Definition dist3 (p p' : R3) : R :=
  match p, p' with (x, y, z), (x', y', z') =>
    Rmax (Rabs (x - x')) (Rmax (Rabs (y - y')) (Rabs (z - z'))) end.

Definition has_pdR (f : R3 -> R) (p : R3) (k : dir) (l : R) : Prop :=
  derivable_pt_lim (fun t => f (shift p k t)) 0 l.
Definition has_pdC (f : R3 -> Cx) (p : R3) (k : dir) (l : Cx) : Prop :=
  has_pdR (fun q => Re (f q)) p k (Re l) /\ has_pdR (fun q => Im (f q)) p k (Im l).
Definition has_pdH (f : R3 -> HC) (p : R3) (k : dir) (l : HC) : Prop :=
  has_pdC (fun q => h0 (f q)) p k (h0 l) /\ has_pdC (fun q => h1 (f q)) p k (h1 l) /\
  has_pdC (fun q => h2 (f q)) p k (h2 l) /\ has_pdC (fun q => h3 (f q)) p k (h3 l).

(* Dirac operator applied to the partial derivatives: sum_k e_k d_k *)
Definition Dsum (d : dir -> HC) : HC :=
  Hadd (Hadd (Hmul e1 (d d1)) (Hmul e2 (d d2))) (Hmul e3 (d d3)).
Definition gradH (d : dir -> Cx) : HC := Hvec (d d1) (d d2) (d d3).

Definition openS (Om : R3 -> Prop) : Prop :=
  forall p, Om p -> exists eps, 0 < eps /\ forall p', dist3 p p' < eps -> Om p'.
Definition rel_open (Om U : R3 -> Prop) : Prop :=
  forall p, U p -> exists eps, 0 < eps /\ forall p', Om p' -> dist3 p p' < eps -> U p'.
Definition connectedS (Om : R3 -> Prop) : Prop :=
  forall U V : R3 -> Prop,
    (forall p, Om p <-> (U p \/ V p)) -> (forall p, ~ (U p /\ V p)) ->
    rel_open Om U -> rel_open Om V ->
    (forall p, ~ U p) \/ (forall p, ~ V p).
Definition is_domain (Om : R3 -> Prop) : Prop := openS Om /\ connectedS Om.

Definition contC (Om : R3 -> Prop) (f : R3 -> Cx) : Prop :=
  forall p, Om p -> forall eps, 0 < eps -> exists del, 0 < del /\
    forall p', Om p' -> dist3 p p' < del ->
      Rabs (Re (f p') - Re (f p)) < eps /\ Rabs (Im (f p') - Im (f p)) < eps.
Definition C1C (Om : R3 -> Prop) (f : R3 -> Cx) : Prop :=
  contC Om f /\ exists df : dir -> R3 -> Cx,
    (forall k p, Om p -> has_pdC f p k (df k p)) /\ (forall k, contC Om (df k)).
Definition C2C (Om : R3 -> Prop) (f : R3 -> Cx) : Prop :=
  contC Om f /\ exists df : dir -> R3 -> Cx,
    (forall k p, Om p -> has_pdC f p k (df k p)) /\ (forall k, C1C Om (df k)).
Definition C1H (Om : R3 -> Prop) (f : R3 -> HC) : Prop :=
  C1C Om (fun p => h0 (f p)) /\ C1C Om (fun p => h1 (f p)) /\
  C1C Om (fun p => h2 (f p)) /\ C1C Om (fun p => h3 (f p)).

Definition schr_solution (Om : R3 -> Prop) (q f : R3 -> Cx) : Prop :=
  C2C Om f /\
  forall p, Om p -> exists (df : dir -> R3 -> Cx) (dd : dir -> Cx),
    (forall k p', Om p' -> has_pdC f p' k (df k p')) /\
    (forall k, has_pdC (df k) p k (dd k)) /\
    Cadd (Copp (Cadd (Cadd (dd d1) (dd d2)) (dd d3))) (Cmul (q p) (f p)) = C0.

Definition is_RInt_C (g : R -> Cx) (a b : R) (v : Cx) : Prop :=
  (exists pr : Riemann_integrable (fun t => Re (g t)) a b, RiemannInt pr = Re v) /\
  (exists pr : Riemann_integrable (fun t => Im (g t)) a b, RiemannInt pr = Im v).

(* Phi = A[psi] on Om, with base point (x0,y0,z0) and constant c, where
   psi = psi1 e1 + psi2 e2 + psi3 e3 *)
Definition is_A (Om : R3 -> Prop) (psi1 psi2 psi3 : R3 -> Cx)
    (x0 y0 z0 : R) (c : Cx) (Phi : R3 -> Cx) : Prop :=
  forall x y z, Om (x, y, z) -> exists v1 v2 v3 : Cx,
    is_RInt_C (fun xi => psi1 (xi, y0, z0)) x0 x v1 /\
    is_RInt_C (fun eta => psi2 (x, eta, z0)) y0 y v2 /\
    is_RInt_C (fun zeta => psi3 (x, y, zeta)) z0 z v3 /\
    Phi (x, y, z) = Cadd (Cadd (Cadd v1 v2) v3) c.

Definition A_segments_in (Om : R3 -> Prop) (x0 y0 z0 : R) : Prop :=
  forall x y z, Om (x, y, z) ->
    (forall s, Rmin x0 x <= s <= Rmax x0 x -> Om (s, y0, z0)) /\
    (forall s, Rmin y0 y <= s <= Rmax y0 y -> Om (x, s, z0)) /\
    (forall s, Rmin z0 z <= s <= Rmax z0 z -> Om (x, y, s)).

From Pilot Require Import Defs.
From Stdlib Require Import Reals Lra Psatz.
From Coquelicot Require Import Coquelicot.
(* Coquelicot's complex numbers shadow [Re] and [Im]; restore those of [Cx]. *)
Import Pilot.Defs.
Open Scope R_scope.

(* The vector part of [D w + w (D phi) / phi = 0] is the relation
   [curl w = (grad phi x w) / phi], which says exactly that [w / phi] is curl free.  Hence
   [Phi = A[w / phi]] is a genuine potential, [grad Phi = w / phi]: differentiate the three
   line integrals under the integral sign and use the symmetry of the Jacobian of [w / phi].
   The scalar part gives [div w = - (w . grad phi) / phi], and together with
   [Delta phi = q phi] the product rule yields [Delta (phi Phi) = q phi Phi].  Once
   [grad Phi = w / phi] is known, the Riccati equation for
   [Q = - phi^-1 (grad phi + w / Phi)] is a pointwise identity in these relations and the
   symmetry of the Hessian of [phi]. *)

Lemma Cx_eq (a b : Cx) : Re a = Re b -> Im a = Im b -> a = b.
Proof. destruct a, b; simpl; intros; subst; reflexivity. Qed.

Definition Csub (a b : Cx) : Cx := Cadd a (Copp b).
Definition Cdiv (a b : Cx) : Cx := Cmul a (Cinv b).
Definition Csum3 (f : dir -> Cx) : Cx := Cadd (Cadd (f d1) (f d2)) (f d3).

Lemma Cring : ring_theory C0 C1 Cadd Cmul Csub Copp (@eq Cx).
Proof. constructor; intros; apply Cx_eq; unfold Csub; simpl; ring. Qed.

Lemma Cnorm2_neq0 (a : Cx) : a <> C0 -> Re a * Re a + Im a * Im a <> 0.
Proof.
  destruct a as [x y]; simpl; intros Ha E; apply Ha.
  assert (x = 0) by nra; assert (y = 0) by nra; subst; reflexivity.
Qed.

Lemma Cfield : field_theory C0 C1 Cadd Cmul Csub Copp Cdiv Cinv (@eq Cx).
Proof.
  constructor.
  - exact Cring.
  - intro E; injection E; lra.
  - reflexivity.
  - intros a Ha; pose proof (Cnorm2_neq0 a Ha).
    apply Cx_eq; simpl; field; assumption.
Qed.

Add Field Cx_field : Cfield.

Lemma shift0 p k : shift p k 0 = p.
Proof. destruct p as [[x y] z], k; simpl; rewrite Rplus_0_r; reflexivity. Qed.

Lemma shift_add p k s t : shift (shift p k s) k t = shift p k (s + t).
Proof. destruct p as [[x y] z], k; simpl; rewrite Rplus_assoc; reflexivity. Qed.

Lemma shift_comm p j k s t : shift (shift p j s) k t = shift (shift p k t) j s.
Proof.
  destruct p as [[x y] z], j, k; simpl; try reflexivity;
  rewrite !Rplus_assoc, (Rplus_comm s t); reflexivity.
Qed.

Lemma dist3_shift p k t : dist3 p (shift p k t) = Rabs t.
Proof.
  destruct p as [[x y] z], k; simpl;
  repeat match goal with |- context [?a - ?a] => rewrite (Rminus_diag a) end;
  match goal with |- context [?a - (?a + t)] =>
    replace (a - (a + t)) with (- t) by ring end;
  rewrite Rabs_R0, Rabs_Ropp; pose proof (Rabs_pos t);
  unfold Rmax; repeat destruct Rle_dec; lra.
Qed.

__Task details__
Please repeat each line from the one with "Proof. destruct p as [[x y] z], k; simpl; rewrite Rplus_assoc;" through the last line of the data above, and add nothing.

__Completed exercise__
Proof. destruct p as [[x y] z], k; simpl; rewrite Rplus_assoc; reflexivity. Qed.

Lemma shift_comm p j k s t : shift (shift p j s) k t = shift (shift p k t) j s.
Proof.
  destruct p as [[x y] z], j, k; simpl; try reflexivity;
  rewrite !Rplus_assoc, (Rplus_comm s t); reflexivity.
Qed.

Lemma dist3_shift p k t : dist3 p (shift p k t) = Rabs t.
Proof.
  destruct p as [[x y] z], k; simpl;
  repeat match goal with |- context [?a - ?a] => rewrite (Rminus_diag a) end;
  match goal with |- context [?a - (?a + t)] =>
    replace (a - (a + t)) with (- t) by ring end;
  rewrite Rabs_R0, Rabs_Ropp; pose proof (Rabs_pos t);
  unfold Rmax; repeat destruct Rle_dec; lra.
Qed.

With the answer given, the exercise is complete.